Невыносимая легкость бытия. Вальс на прощание. Бессмертие - Милан Кундера
Шрифт:
Интервал:
Закладка:
Во–вторых: свидетельство Ромена Роллана, в двадцатые–тридцатые годы одного из самых читаемых романистов от Урала до Атлантики, пользовавшегося к тому же высоким авторитетом прогрессиста, антифашиста, гуманиста, пацифиста и друга революции.
В–третьих: свидетельство поэта Поля Элюара, блистательного представителя так называемого авангарда, певца любви, или, скажем его словами, певца любви–поэзии, ибо эти два понятия (как свидетельствует о том один из самых его прекрасных сборников стихов «L'amour la poesie») сливались у него воедино.
2
В качестве свидетеля, вызванного на вечный суд, Рильке пользуется в точности теми же словами, какие он написал в своей самой знаменитой книге прозы, изданной в 1910 году, «Записки Мальте Лауридса Бригге», где обращает к Беттине эту длинную апострофу:
«Возможно ли, что доныне все еще не твердят о твоей любви? Случилось ли с той поры что–либо более примечательное? Что их занимает? Сама–то ты знала цену своей любви, ты говорила о ней величайшему поэту, чтобы он очеловечил ее, ибо любовь эта была еще стихией. Но он, когда писал тебе, разубеждал людей в ней. Все читали его ответы и верят им больше, потому что поэт им понятнее природы. Но возможно, когда–нибудь обнаружится, что здесь–то и был предел его величия. Эта любящая (diese Liebende) была ему поручена (auferlegt), а он не постиг ее (er hat sie nicht bestanden: местоимение sie относится к «любящей», к Беттине: он не выдержал экзамена, коим для него была Беттина). Что значит, что он не сумел откликнуться (erwidern)? Такая любовь ни в каком отклике и не нуждается, она сама содержит в себе и зов (Lockruf) и отклик; она сама себя восполняет. А ему следовало покориться перед нею во всем своем величии и то, что она диктовала, писать, как Иоанн на Патмосе, пав на колени, обеими руками. У него не было никакого иного выбора в присутствии этого голоса, который нес «службу ангелов» (die «das Amt der Engel verrichtete»); который явился, чтобы окутать его и увлечь за собой в вечность. То была колесница для его огненной дороги по небесам. То был уготованный на случай его смерти темный миф (der dunkle Mythos), которым он не воспользовался».
3
Свидетельство Ромена Роллана касается отношений между Гёте, Бетховеном и Беттиной. Романист подробно излагает их в своем сочинении «Гёте и Бетховен», изданном в Париже в 1930 году.
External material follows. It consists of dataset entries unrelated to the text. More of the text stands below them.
(* 2 or -2 is a square unless q = 5 (mod 8), which cannot happen for p = 3. *)
Lemma square_2_or_N2 : (is_square (2 : F) || is_square (-2 : F)) = (q %% 8 != 5)%N.
Proof.
rewrite is_square_2 ?is_square_N2 ?pchar_two_neq0 //.
by have := odd_mod8 (odd_card pchar_two_neq0); rewrite !inE => /or4P[] /eqP ->.
Qed.

Lemma mod8_5_three_neq0 : (q %% 8 == 5)%N -> (3 : F) != 0.
Proof.
move=> /eqP q5; rewrite pchar_three_eq0; apply/eqP => p3.
have [k cardF] := card_finRing_pchar hp; rewrite cardF p3 in q5.
by move: (pow3_mod8 k.+1); rewrite q5.
Qed.

Variables (u : F) (hu0 : u != 0) (hu1 : u != 1).

Lemma case_char3 : (u == -1) && (p == 3%N) -> #|I_L u| = 1%N.
Proof.
by case/andP => /eqP -> p3; apply: card_I_L_char3; rewrite ?pchar_two_neq0 //; apply/eqP;
  rewrite pchar_three_eq0.
Qed.

Lemma case_orbit3 : (u \in [:: -1; 2; 2^-1]) && (q %% 8 \in [:: 1; 3; 7])%N && (3 < p)%N ->
  #|I_L u| = 3%N.
Proof.
case/andP => /andP[hu hq] p3; have two0 := pchar_two_neq0.
have three0 : (3 : F) != 0 by rewrite pchar_three_eq0 gtn_eqF.
have flag : is_square (2 : F) || is_square (-2 : F).
  by rewrite square_2_or_N2; move: hq; rewrite !inE => /or3P[] /eqP ->.
move: hu; rewrite !inE => /or3P[] /eqP ->.
- by rewrite card_I_L_N1 // flag.
- by rewrite card_I_L_2 // flag.
- by rewrite card_I_L_half // flag.
Qed.

Lemma case_orbit3_mod8_5 : (u \in [:: -1; 2]) && (q %% 8 == 5)%N -> #|I_L u| = 2%N.
Proof.
case/andP => hu q5; have two0 := pchar_two_neq0; have three0 := mod8_5_three_neq0 q5.
have noflag : (is_square (2 : F) || is_square (-2 : F)) = false by rewrite square_2_or_N2 q5.
move: hu; rewrite !inE => /orP[] /eqP ->.
- by rewrite card_I_L_N1 // noflag.
- by rewrite card_I_L_2 // noflag.
Qed.

Lemma case_half_mod8_5 : (u == 2^-1) && (q %% 8 == 5)%N -> #|I_L u| = 1%N.
Proof.
case/andP => /eqP -> q5; have two0 := pchar_two_neq0.
by rewrite card_I_L_half ?mod8_5_three_neq0 // square_2_or_N2 q5.
Qed.

Lemma case_omega_mod12_1 :
  (u ^+ 2 - u + 1 == 0) && (q %% 12 == 1)%N && (3 < p)%N -> #|I_L u| = 2%N.
Proof.
case/andP => /andP[/eqP w /eqP q12] p3; have two0 := pchar_two_neq0.
rewrite card_I_L_omega ?pchar_three_eq0 ?gtn_eqF // is_square_N1 //.
by rewrite -(@modn_dvdm 12 _ 4) // q12 modn_small.
Qed.

(* For p = 3 the only root of X^2 - X + 1 = (X + 1)^2 is -1. *)
Lemma case_omega_not_mod12_1 :
  (u ^+ 2 - u + 1 == 0) && (q %% 12 != 1)%N -> #|I_L u| = 1%N.
Proof.
case/andP => /eqP w q12; have two0 := pchar_two_neq0.
have [p3 | p_ne3] := eqVneq p 3%N.
  have three0 : (3 : F) = 0 by apply/eqP; rewrite pchar_three_eq0 p3.
  have -> : u = -1.
    apply/eqP; rewrite -addr_eq0 -sqrf_eq0.
    have -> : (u + 1) ^+ 2 = u ^+ 2 - u + 1 + 3 * u by ring.
    by rewrite w three0 mul0r addr0.
  exact: card_I_L_char3.
have three0 : (3 : F) != 0 by rewrite pchar_three_eq0.
by rewrite card_I_L_omega // sixth_root_nonsquares.
Qed.

Lemma case_outside_B :
  [/\ (chi2 (-1 : F) == -1) && ~~ inB u -> #|I_L u| = 3%N,
      (chi2 (-1 : F) == 1) && (chi2 u == -1) && (chi2 (1 - u) == -1) && ~~ inB u
        -> #|I_L u| = 2%N,
      (chi2 (-1 : F) == 1) && (chi2 u * chi2 (1 - u) == -1) && ~~ inB u
        -> #|I_L u| = 4%N
    & (chi2 (-1 : F) == 1) && (chi2 u == 1) && (chi2 (1 - u) == 1) && ~~ inB u
        -> #|I_L u| = 6%N].
Proof.
have u1' : 1 - u != 0 by rewrite subr_eq0 eq_sym.
have N10 : (-1 : F) != 0 by rewrite oppr_eq0 oner_eq0.
split=> /andP[chis uB]; rewrite card_I_L_outside_B ?pchar_two_neq0 //; move: chis;
  rewrite !chi2E //; by case: (is_square (-1)); case: (is_square u); case: (is_square (1 - u)).
Qed.
End MainCases.

Theorem mainTheorem2 (F : finFieldType) (p : nat)
    (hp : p \in [pchar F]) (hp3 : (3 <= p)%N)
    (u : F) (hu0 : u != 0) (hu1 : u != 1) :
  let q := #|F| in
  let n := #|I_L u| in
  ((u == -1) && (p == 3%N) -> n = 1%N) /\
  ((u \in [:: -1; 2; 2^-1]) && (q %% 8 \in [:: 1; 3; 7])%N && (3 < p)%N
     -> n = 3%N) /\
  ((u \in [:: -1; 2]) && ((q %% 8)%N == 5%N) -> n = 2%N) /\
  ((u == 2^-1) && ((q %% 8)%N == 5%N) -> n = 1%N) /\
  ((u ^+ 2 - u + 1 == 0) && ((q %% 12)%N == 1%N) && (3 < p)%N -> n = 2%N) /\
  ((u ^+ 2 - u + 1 == 0) && ((q %% 12)%N != 1%N) -> n = 1%N) /\
  ((chi2 (-1 : F) == -1) && ~~ inB u -> n = 3%N) /\
  ((chi2 (-1 : F) == 1) && (chi2 u == -1) && (chi2 (1 - u) == -1) && ~~ inB u
     -> n = 2%N) /\
  ((chi2 (-1 : F) == 1) && (chi2 u * chi2 (1 - u) == -1) && ~~ inB u
     -> n = 4%N) /\
  ((chi2 (-1 : F) == 1) && (chi2 u == 1) && (chi2 (1 - u) == 1) && ~~ inB u
     -> n = 6%N).
Proof.
move=> q n; rewrite {}/n {}/q.
have [chi_N1 chi_2 chi_4 chi_6] := case_outside_B hp hp3 hu0 hu1.
split; first exact: (case_char3 hp hp3).
split; first exact: (case_orbit3 hp hp3).
split; first exact: (case_orbit3_mod8_5 hp hp3).
split; first exact: (case_half_mod8_5 hp hp3).
split; first exact: (case_omega_mod12_1 hp hp3).
split; first exact: (case_omega_not_mod12_1 hp hp3).
by [].
Qed.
Хотя он тонко оттеняет свою точку зрения, однако совсем не утаивает, что наибольшую симпатию питает к Беттине: он толкует события примерно так же, как и она. Он не отказывает Гёте в величии, но его удручает политическая и эстетическая осторожность, столь мало приличествующая гениям. А Христиана? Ах, о ней лучше и не говорить, это «nullitй d'esprit», духовное ничтожество.
Эта точка зрения выражена, повторяю еще раз, с тонкостью и чувством меры. Эпигоны всегда радикальнее, чем их вдохновители. Читаю, например, весьма обстоятельную французскую биографию Бетховена, изданную в шестидесятые годы. Там уже прямо говорится о «трусости» Гёте, о его «сервилизме», о его «старческом страхе перед всем новым в литературе и эстетике» и так далее. Беттина же, напротив, наделена «прозорливостью и даром ясновидения, которые придают ей чуть ли не масштабы гения». А Христиана, как всегда, не что иное, как жалкая «volumineuse йpouse», объемистая супруга.
4
Рильке и Роллан, пусть и принимают сторону Беттины, говорят о Гёте с почтением. В эссе «Тропинки и дороги поэзии» Поль Элюар, подлинный Сен–Жюст любви–поэзии (он написал его, да будем к нему справедливы,, в худшую пору своего поэтического пути, в 1949 году, когда был восторженным приверженцем Сталина), находит слова много жестче: «Гёте в своем дневнике упоминает о своей первой встрече с Беттиной Брентано лишь такими словами: «Мамзель Брентано». Признанный поэт, автор «Вертера», предпочитал спокойствие домашнего очага неистовым безумствам страсти (delires actives de la passion). И никакая фантазия, никакой талант Беттины не смогли бы нарушить его олимпийский сон. Если бы Гёте отдался любви, возможно, его пение опустилось бы на землю, но мы любили бы его не менее, ибо в таких обстоятельствах он, вероятно, не решился бы на роль придворного и не заразил бы свой народ убежденностью, что несправедливость предпочтительнее беспорядка».
5
«Эта любящая была ему поручена», — написал Рильке. Мы можем спросить: что означает эта пассивная грамматическая форма? Иными словами: кто ему ее поручил?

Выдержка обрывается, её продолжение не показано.